* _Task to complete_: Print, exactly as they appear in the listing below, the lines from the line with "From mathcomp Require Import all_classical" to the line with "Variable n : dir -> nat.", with both end lines kept.

* _Data extract_:

○ ○ ○

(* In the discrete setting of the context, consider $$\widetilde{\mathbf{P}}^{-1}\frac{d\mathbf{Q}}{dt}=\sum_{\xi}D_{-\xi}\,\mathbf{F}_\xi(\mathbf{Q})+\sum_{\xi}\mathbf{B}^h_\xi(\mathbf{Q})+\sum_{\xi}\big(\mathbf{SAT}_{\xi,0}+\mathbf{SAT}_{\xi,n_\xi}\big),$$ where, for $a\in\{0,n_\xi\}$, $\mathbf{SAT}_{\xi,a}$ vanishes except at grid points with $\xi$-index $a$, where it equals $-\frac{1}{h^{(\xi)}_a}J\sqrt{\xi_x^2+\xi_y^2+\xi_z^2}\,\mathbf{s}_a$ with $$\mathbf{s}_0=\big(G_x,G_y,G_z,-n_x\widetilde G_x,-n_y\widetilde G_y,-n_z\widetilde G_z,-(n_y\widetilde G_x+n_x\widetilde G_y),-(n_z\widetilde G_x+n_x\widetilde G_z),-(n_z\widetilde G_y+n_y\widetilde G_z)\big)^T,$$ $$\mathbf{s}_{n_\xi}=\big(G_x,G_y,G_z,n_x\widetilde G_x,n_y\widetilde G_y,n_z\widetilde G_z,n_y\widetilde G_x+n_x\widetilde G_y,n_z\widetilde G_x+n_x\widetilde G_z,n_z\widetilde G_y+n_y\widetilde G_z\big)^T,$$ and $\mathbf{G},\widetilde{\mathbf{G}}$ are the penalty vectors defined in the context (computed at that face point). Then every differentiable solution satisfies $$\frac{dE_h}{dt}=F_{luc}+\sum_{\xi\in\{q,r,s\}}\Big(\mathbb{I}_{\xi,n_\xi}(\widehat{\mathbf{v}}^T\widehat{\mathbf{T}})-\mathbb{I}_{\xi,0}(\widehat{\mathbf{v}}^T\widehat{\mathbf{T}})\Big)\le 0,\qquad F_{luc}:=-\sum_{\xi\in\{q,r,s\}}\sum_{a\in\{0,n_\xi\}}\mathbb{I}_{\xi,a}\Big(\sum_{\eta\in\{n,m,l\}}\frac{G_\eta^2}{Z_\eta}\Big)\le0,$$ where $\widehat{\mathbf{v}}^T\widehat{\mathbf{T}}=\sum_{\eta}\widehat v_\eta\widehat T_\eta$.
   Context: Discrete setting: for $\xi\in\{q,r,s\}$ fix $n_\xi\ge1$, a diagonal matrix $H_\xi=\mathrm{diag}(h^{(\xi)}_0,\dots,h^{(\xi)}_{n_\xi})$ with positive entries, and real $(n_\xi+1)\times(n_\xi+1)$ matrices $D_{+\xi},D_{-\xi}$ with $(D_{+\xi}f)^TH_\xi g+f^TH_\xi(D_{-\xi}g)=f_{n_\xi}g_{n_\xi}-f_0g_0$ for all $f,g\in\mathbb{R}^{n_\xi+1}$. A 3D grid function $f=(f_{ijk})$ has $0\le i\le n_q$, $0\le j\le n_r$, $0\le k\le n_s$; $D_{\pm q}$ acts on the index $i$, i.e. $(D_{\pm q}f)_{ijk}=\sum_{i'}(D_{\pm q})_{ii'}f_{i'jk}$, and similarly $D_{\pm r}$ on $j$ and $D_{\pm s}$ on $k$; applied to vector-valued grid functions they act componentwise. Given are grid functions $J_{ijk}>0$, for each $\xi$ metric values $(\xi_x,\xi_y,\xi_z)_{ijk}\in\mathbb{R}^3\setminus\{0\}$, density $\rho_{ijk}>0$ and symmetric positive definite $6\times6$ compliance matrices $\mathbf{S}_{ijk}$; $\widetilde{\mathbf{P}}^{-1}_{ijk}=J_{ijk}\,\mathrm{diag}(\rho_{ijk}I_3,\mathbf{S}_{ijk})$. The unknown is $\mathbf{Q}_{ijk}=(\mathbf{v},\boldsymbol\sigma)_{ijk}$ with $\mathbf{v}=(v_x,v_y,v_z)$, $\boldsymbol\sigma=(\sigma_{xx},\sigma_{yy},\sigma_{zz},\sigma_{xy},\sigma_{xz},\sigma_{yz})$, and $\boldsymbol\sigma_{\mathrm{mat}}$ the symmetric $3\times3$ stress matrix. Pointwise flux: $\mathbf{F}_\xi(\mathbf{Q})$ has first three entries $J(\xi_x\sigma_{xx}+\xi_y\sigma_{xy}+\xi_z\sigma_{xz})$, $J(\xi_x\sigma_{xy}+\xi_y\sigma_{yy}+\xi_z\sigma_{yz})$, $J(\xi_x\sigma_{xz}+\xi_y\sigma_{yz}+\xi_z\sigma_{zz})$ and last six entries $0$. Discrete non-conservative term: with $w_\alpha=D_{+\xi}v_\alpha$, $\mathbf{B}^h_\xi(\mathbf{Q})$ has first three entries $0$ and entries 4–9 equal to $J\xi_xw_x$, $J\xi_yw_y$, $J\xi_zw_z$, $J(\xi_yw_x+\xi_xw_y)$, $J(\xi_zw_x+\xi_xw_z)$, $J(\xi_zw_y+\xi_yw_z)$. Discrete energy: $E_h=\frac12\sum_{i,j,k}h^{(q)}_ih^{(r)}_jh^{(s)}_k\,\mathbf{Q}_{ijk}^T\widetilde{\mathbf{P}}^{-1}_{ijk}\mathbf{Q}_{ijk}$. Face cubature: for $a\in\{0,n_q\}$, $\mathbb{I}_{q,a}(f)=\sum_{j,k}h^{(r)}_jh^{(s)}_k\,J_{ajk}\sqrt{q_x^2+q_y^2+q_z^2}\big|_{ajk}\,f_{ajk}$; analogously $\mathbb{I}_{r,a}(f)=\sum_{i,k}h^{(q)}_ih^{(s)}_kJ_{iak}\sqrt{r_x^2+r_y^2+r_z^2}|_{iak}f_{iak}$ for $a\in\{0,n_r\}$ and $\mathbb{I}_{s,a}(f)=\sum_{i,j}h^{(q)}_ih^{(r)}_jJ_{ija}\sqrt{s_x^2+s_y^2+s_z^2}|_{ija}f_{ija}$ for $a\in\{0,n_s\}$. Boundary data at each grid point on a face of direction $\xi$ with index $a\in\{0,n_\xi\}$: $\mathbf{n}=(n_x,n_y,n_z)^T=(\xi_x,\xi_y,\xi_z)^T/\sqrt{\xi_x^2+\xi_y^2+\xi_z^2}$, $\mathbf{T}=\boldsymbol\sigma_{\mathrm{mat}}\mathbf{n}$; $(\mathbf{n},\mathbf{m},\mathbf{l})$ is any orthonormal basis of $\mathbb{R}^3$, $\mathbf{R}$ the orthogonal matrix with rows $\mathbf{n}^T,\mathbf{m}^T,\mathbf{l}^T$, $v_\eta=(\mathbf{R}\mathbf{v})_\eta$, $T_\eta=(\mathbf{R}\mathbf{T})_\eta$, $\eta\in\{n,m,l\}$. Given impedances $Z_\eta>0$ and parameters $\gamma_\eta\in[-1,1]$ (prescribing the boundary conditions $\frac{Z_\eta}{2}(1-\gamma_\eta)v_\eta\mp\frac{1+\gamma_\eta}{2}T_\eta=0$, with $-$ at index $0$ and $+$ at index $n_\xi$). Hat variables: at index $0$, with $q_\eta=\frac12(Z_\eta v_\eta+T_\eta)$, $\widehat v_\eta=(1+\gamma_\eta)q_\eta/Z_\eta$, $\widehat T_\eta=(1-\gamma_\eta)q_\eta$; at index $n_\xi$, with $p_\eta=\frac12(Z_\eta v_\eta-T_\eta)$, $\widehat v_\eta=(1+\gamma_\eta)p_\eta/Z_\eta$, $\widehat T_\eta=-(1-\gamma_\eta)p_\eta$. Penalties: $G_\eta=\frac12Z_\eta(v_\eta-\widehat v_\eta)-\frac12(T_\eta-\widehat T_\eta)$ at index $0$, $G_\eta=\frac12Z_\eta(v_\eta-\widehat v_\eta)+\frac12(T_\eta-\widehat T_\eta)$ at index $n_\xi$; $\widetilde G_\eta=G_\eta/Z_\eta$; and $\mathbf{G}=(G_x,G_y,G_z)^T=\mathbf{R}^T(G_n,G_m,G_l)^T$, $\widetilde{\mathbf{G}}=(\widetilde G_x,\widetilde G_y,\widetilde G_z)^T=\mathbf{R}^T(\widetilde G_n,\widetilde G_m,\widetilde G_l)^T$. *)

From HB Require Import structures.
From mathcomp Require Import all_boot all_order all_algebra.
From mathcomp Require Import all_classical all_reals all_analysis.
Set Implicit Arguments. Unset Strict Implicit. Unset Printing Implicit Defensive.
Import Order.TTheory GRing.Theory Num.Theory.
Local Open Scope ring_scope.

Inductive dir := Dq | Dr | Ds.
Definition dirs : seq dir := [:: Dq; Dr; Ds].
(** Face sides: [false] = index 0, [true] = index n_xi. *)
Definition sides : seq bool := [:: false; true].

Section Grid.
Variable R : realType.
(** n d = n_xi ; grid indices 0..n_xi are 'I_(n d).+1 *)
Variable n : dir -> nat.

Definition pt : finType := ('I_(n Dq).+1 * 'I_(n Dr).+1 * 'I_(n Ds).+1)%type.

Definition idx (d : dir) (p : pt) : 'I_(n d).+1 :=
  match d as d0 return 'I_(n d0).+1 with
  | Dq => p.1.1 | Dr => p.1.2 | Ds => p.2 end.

○ ○ ○

* _Response_:
From mathcomp Require Import all_classical all_reals all_analysis.
Set Implicit Arguments. Unset Strict Implicit. Unset Printing Implicit Defensive.
Import Order.TTheory GRing.Theory Num.Theory.
Local Open Scope ring_scope.

Inductive dir := Dq | Dr | Ds.
Definition dirs : seq dir := [:: Dq; Dr; Ds].
(** Face sides: [false] = index 0, [true] = index n_xi. *)
Definition sides : seq bool := [:: false; true].

Section Grid.
Variable R : realType.
(** n d = n_xi ; grid indices 0..n_xi are 'I_(n d).+1 *)
Variable n : dir -> nat.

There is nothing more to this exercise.